Lemma exists_event_normr_le m (a : 'I_m -> T -> R) (s K : R) :
  (forall r, is_normal_rv P (a r) 0 s) -> 0 < s -> 0 <= K ->
  exists E : set T, measurable E /\
    ((1 - m%:R * (Num.sqrt 2 * expR (- K ^+ 2 / (s ^+ 2 * 4))))%:E <= P E)%E /\
    forall om, E om -> forall r, `|a r om| <= K.
Proof.
move=> a_normal s_gt0 K_ge0; set c := Num.sqrt 2 * _.
have mA : measurable (~` `[(- K)%R, K] : set R) by apply: measurableC.
pose tail r := a r @^-1` (~` `[(- K)%R, K]).
have m_tail r : measurable (tail r).
  by have := (a_normal r).1 measurableT _ mA; rewrite setTI.
pose U := \big[setU/set0]_(r < m) tail r.
have mU : measurable U by apply: bigsetU_measurable => r _.
exists (~` U); split; first exact: measurableC.
split; last first.
  move=> om notU r; rewrite leNgt; apply: contra_notN notU => K_lt.
  rewrite /U (bigD1 r) //=; left; rewrite /tail /= in_itv /= -ler_norml.
  by apply/negP; rewrite -ltNge.
have PU_le : (P U <= (m%:R * c)%:E)%E.
  apply: le_trans (measure_bigsetU_le _ m_tail) _.
  apply: (@le_trans _ _ (\sum_(r < m) c%:E)%E).
    by apply: lee_sum => r _; rewrite /tail (a_normal r).2 // normal_prob_tail_le.
  by rewrite sumEFin sumr_const card_ord mulr_natl.
rewrite probability_setC // -(fineK (fin_num_measure P _ mU)) -EFinB lee_fin lerB //.
by rewrite -lee_fin fineK ?fin_num_measure.
Qed.

End InitEvent.

Section Numerics.
Context {R : realType}.

Lemma ln_nat_ge_half (m : nat) : (2 <= m)%N -> 1 / 2 <= ln (m%:R : R).
Proof.
move=> m2; have m_gt0 : (0 : R) < m%:R by rewrite ltr0n (leq_trans _ m2).
have := expR_ge1Dx (- ln (m%:R : R)); rewrite expRN lnK ?posrE //.
have : m%:R^-1 <= (2 : R)^-1 by rewrite lef_pV2 ?posrE // ler_nat.
lra.
Qed.

Lemma gaussian_union_tail_le_inv (m : nat) (c : R) : (2 <= m)%N -> 1 <= c ->
  m%:R * (Num.sqrt 2 * expR (- (8 * c ^+ 2 * ln m%:R))) <= c^-1.
Proof.
move=> m2 c_ge1; have m_gt0 : (0 : R) < m%:R by rewrite ltr0n (leq_trans _ m2).
have L_ge := ln_nat_ge_half m2; set L := ln _ in L_ge *.
set y := (8 * c ^+ 2 - 1) * L.
have y_ge : 4 * c ^+ 2 - 1 / 2 <= y.
  have : 0 <= 8 * c ^+ 2 - 1 by rewrite subr_ge0 expr2; nra.
  by move=> c_ge; have := ler_wpM2l c_ge L_ge; rewrite /y; lra.
have sqrt2_le2 : Num.sqrt (2 : R) <= 2.
  by rewrite -(@ler_pXn2r _ 2) ?nnegrE ?sqrtr_ge0 // sqr_sqrtr // expr2; lra.
rewrite -[in m%:R * _](lnK (x := m%:R)) ?posrE // -/L mulrCA -expRD.
rewrite (_ : L + - _ = - y); last by rewrite /y; ring.
rewrite expRN ler_pdivrMr ?expR_gt0 // mulrC ler_pdivlMr ?(lt_le_trans ltr01) //.
have := expR_ge1Dx y; have := sqrtr_ge0 (2 : R); nra.
Qed.

End Numerics.

Unset Implicit Arguments.
(* As [q] is orthogonal to the range of [V], [<e, V y> = <V ystar, V y>]: Cauchy-Schwarz
   bounds the ratio by [|V ystar| / |e|], and [y = ystar] attains it (any [y] does if [V ystar = 0]). *)
Lemma is_max_cos_angle_range {A : Type} N (V : A -> nat -> R) e q ystar y0 :
  ~ vzero N e -> ~ vzero N (V y0) ->
  (forall k, e k = V ystar k - q k) -> (forall y, dot N q (V y) = 0) ->
  is_max (fun y => ~ vzero N (V y)) (fun y => dot N e (V y) / (norm N e * norm N (V y)))
    (norm N (V ystar) / norm N e).
Proof.
  intros He Hy0 Hdec Horth.
  assert (Hproj : forall y, dot N e (V y) = dot N (V ystar) (V y)).
  { intros y.
    rewrite (dot_ext N e (fun k => 1 * V ystar k + (-1) * q k) (V y) (V y))
      by (intros; try rewrite Hdec; ring).
    rewrite dot_lin_l, Horth; ring. }
  pose proof (norm_gt0 N e He) as Hne.
  split.
  - destruct (classic (vzero N (V ystar))) as [Hs|Hs].
    + exists y0; split; [exact Hy0|].
      rewrite Hproj; unfold norm at 3; rewrite !dot_vzero_l, sqrt_0 by exact Hs.
      unfold Rdiv; ring.
    + exists ystar; split; [exact Hs|].
      pose proof (norm_gt0 N (V ystar) Hs).
      rewrite Hproj, <- norm_sq; field; lra.
  - intros y Hy; pose proof (norm_gt0 N (V y) Hy).
    rewrite Hproj.
    replace (norm N (V ystar) / norm N e)
      with (norm N (V ystar) * norm N (V y) / (norm N e * norm N (V y))) by (field; lra).
    apply Rmult_le_compat_r; [left; apply Rinv_0_lt_compat; nra|apply dot_le_norm].
Qed.

Lemma dot_vec_outer n u v p q :
  dot (n * n) (vec n (outer u v)) (vec n (outer p q)) = dot n u p * dot n v q.
Proof.
  destruct n as [|n']; [unfold dot; simpl; ring|].
  unfold dot, vec, outer.
  rewrite (rsum_vec (S n') (S n') (fun i j => u i * v j * (p i * q j))) by lia.
  rewrite <- rsum_scal.
  apply rsum_ext; intros j _.
  rewrite Rmult_comm, <- rsum_scal.
  apply rsum_ext; intros; ring.
Qed.

Lemma dot_vec_outer_Xop n x u v y :
  dot (n * n) (vec n (outer u v)) (Xop n x y) = dot n u x * dot n v y + dot n u y * dot n v x.
Proof.
  rewrite (dot_ext _ _ (vec n (outer u v)) _
             (fun k => 1 * vec n (outer x y) k + 1 * vec n (outer y x) k))
    by (intros; unfold Xop, vec; ring).
  rewrite dot_lin_r, !dot_vec_outer; ring.
Qed.

Lemma Xop_self_nonzero n x : ~ vzero n x -> ~ vzero (n * n) (Xop n x x).
Proof.
  intros Hx H0.
  pose proof (dot_gt0 n x Hx).
  pose proof (dot_vzero_l _ _ (Xop n x x) H0) as Hz.
  rewrite (dot_ext _ _ (fun k => 2 * vec n (outer x x) k + 0 * vec n (outer x x) k) _ (Xop n x x))
    in Hz by (intros; unfold Xop, vec, outer; ring).
  rewrite dot_lin_l, !dot_vec_outer_Xop in Hz; nra.
Qed.

Lemma norm_vec_outer_self n u : norm (n * n) (vec n (outer u u)) = dot n u u.
Proof. unfold norm; rewrite dot_vec_outer; apply sqrt_square, dot_ge0. Qed.

Lemma dot_evec_self n x z :
  dot (n * n) (evec n x z) (evec n x z) = dot n x x ^ 2 - 2 * dot n x z ^ 2 + dot n z z ^ 2.
Proof.
  rewrite (dot_ext _ (evec n x z) (fun k => 1 * vec n (outer x x) k + (-1) * vec n (outer z z) k)
             (evec n x z) (fun k => 1 * vec n (outer x x) k + (-1) * vec n (outer z z) k))
    by (intros; unfold evec, vec; ring).
  rewrite dot_lin_l, !dot_lin_r, !dot_vec_outer, (dot_sym n z x); ring.
Qed.

Lemma evec_nonzero n x z :
  (exists i j, (i < n)%nat /\ (j < n)%nat /\ outer x x i j <> outer z z i j) ->
  ~ vzero (n * n) (evec n x z).
Proof.
  intros [i [j [Hi [Hj Hij]]]] H0; apply Hij.
  specialize (H0 (i + j * n)%nat ltac:(nia)).
  unfold evec, vec in H0.
  rewrite Nat.Div0.mod_add, Nat.div_add, Nat.mod_small, Nat.div_small in H0 by lia.
  simpl in H0; lra.
Qed.

Lemma evec_decomposition n x z a k :
  evec n x z k =
  Xop n x (fun i => (1 - a ^ 2) / 2 * x i - a * (z i - a * x i)) k
  - vec n (outer (fun i => z i - a * x i) (fun i => z i - a * x i)) k.
Proof. unfold evec, Xop, vec, outer; field. Qed.

Definition rejection (n : nat) (x z : nat -> R) : nat -> R :=
  fun i => z i - dot n x z / dot n x x * x i.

- Exercise directions
Reproduce exactly the first line of the listing and every line after it, through the one containing "((1 - m%:R * (Num.sqrt". Nothing else belongs in the output.

- Exercise result
Lemma exists_event_normr_le m (a : 'I_m -> T -> R) (s K : R) :
  (forall r, is_normal_rv P (a r) 0 s) -> 0 < s -> 0 <= K ->
  exists E : set T, measurable E /\
    ((1 - m%:R * (Num.sqrt 2 * expR (- K ^+ 2 / (s ^+ 2 * 4))))%:E <= P E)%E /\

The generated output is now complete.